Being reconciled

Genesis 45:5 And now, do not be distressed and do not be angry with yourselves for selling me here, because it was to save lives that God sent me ahead of you.

Joseph was able to disguise is identity before his brothers through several meetings with them until this one. He had purposely tested them to see if the schism still existed in the family – between children of different mothers, one of whom was greatly preferred by their father over the other. When Judah, son of Leah, offered himself up in place of Benjamin, son of Rachel (like Joseph himself), Joseph was convinced that they had mended the schism, at least to the point of desiring their father to not further grieve. So Joseph revealed his identity and the brothers were, predictably, terrified. Then he said the words above.

The events of Joseph’s life were both devastating and exhilarating. But mostly, since he had seen his brothers again, devastating.
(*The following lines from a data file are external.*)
Lemma matching_partner M m : is_partial_matching M -> m \in cover M ->
  exists j, forall j', ([set m; j'] \in M) = (j' == j).
Proof.
case/andP => /forall_inP M2 tM mM.
have mP : m \in pblock M m by rewrite mem_pblock.
have /cards2P [y [z [_ Pyz]]] := M2 _ (pblock_mem mM).
have [j Pmj] : exists j, pblock M m = [set m; j].
  move: mP; rewrite Pyz !inE => /orP[/eqP<-|/eqP<-]; first by exists z.
  by exists y; rewrite setUC.
exists j => j'; apply/idP/eqP => [mj'M|->]; last by rewrite -Pmj pblock_mem.
have := def_pblock tM mj'M (setU11 m [set j']); rewrite Pmj => E.
have : j' \in [set m; j] by rewrite E !inE eqxx orbT.
rewrite !inE => /orP[/eqP j'm|/eqP //].
by have := M2 _ mj'M; rewrite -j'm setUid cards1.
Qed.

Lemma matching_in_add_pair S M m j : m \in S ->
  matching_in S ([set m; j] |: M) && ([set m; j] \notin M) =
  (j \in S :\ m) && matching_in (S :\ m :\ j) M.
Proof.
set B := [set m; j] => mS; rewrite /matching_in /is_partial_matching.
apply/idP/idP.
  case/andP => /andP[/andP[/forall_inP M2 tM] sMS] BM.
  have mj : m != j by have := M2 B (setU11 _ _); rewrite cards2; case: (m != j).
  have jS : j \in S by apply: (subsetP sMS); rewrite cover_setU1 !inE eqxx !orbT.
  have sM : M \subset B |: M by apply: subsetU1.
  have M2' : [forall C in M, #|C| == 2%N].
    by apply/forall_inP => C CM; apply: M2; rewrite in_setU1 CM orbT.
  rewrite in_setD1 eq_sym mj jS (trivIsetS sM tM) M2' /=.
  apply/subsetP => y /bigcupP [C CM yC].
  have CB : C != B by apply: contraNneq BM => <-.
  have /trivIsetP/(_ C B) := tM; rewrite in_setU1 CM orbT setU11 => /(_ isT isT CB).
  move/disjointFr => /(_ y yC) /negbT; rewrite !inE negb_or => /andP[ym yj].
  by rewrite ym yj (subsetP sMS) // cover_setU1 in_setU; apply/orP; right; apply/bigcupP; exists C.
case/and3P => /setD1P[jm jS] /andP[/forall_inP M2 tM] sMS.
have disjB : {in M, forall C, [disjoint B & C]}.
  move=> C CM; rewrite disjoint_sym disjoint_subset; apply/subsetP => y yC.
  have : y \in S :\ m :\ j by apply: (subsetP sMS); apply/bigcupP; exists C.
  by rewrite !inE => /and3P[yj ym _]; rewrite negb_or yj ym.
have M0 : set0 \notin M by apply/negP => /M2; rewrite cards0.
have [tU ->] := trivIsetU1 disjB tM M0.
have BM2 : [forall C in B |: M, #|C| == 2%N].
  apply/forall_inP => C; rewrite in_setU1 => /predU1P[->|/M2 //].
  by rewrite /B cards2 (eq_sym m) jm.
have sBS : B \subset S by apply/subsetP => y; rewrite !inE => /orP[]/eqP->.
have sMS' : cover M \subset S.
  by apply: subset_trans sMS (subset_trans (subD1set _ _) (subD1set _ _)).
by rewrite BM2 tU cover_setU1 subUset sBS sMS'.
Qed.

End Matchings.

Section WeylDatum.
Variables (A : ringType) (n l : nat) (x dl : 'I_n -> A) (etal etau : 'I_n -> 'I_n -> A).
Hypothesis rel : weyl_rel x dl etal etau.
Variable a : 'I_l -> 'I_n.

Local Notation du := (dup etau dl).
Implicit Types (S T X B : {set 'I_l}) (M : {set {set 'I_l}}) (m j : 'I_l) (d : int).

Lemma x_comm (i k : 'I_n) : GRing.comm (x i) (x k).
Proof. by case: rel. Qed.

Lemma dl_comm (i k : 'I_n) : GRing.comm (dl i) (dl k).
Proof. by case: rel => _ []. Qed.

Lemma dl_x (i k : 'I_n) : dl i * x k - x k * dl i = (i == k)%:R.
Proof. by case: rel => _ [_ []]. Qed.

Lemma etau_central (i k : 'I_n) : central (etau i k).
Proof. by case: rel => _ [_ [_ [_ [etau_comm _]]]] y; apply: etau_comm. Qed.

Lemma dup_comm (i k : 'I_n) : GRing.comm (du i) (du k).
Proof.
have mul_central (p q r s : A) : central r -> p * q * (r * s) = p * r * (q * s).
  by move=> r_central; rewrite -!mulrA (mulrA q) -r_central -mulrA.
rewrite /GRing.comm /dup !mulr_suml; under eq_bigr do rewrite mulr_sumr.
under [RHS]eq_bigr do rewrite mulr_sumr.
rewrite [RHS]exchange_big; apply: eq_bigr => c _; apply: eq_bigr => e _.
rewrite (mul_central _ _ _ _ (etau_central k e)) (mul_central _ _ _ _ (etau_central i c)).
by rewrite (dl_comm c e) (etau_central i c).
Qed.

Lemma dup_x (i k : 'I_n) : du i * x k = x k * du i + etau i k.
Proof.
suff <- : du i * x k - x k * du i = etau i k by rewrite addrC subrK.
have term c : etau i c * dl c * x k - x k * (etau i c * dl c) = etau i c * (c == k)%:R.
  by rewrite -dl_x mulrBr !mulrA (etau_central i c (x k)).
rewrite /dup mulr_suml mulr_sumr -sumrB (eq_bigr _ (fun c _ => term c)).
by rewrite (bigD1 k) //= eqxx mulr1 big1 ?addr0 // => c /negbTE->; rewrite mulr0.
Qed.

Lemma eta_block_central B : central (eta_block etau a B).
Proof. by apply: central_prod => i; apply: central_prod => k; apply: etau_central. Qed.

Lemma eta_block_pair m j : (m < j)%N -> eta_block etau a [set m; j] = etau (a m) (a j).
Proof.
move=> lt_mj; have m_min : {in [set m; j], forall i : 'I_l, m <= i}%N.
  by move=> i; rewrite !inE => /orP[]/eqP->; [exact: leqnn | exact: ltnW].
rewrite /eta_block (prodrD1_min _ (setU11 m [set j])) // setU1K; last first.
  by rewrite in_set1 neq_ltn lt_mj.
rewrite big_set1 [X in _ * X]big_pred0 => [|i]; last first.
  apply/negbTE/andP; rewrite !inE => -[/orP[]/eqP-> lt_j].
    by have := ltn_trans lt_mj lt_j; rewrite ltnn.
  by rewrite ltnn in lt_j.
rewrite mulr1 (big_pred1 j) // => i; rewrite !inE.
by have [->|_] := eqVneq i j; rewrite ?orbT ?lt_mj // orbF; case: eqP => // ->; rewrite ltnn.
Qed.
They had betrayed flesh and blood and, if not for a band of traveling merchants, had committed fratricide. Joseph was well within his rights and powers to annihilate them. Instead, all who would ever hear or read this story would know the extraordinary person Joseph had become through his deep knowledge of God and His purposes. For his faith had sustained Joseph when nothing else could. The Lord was with him at each of the many low points and now, exalted to second in command over all Egypt, the Lord was still teaching his heart.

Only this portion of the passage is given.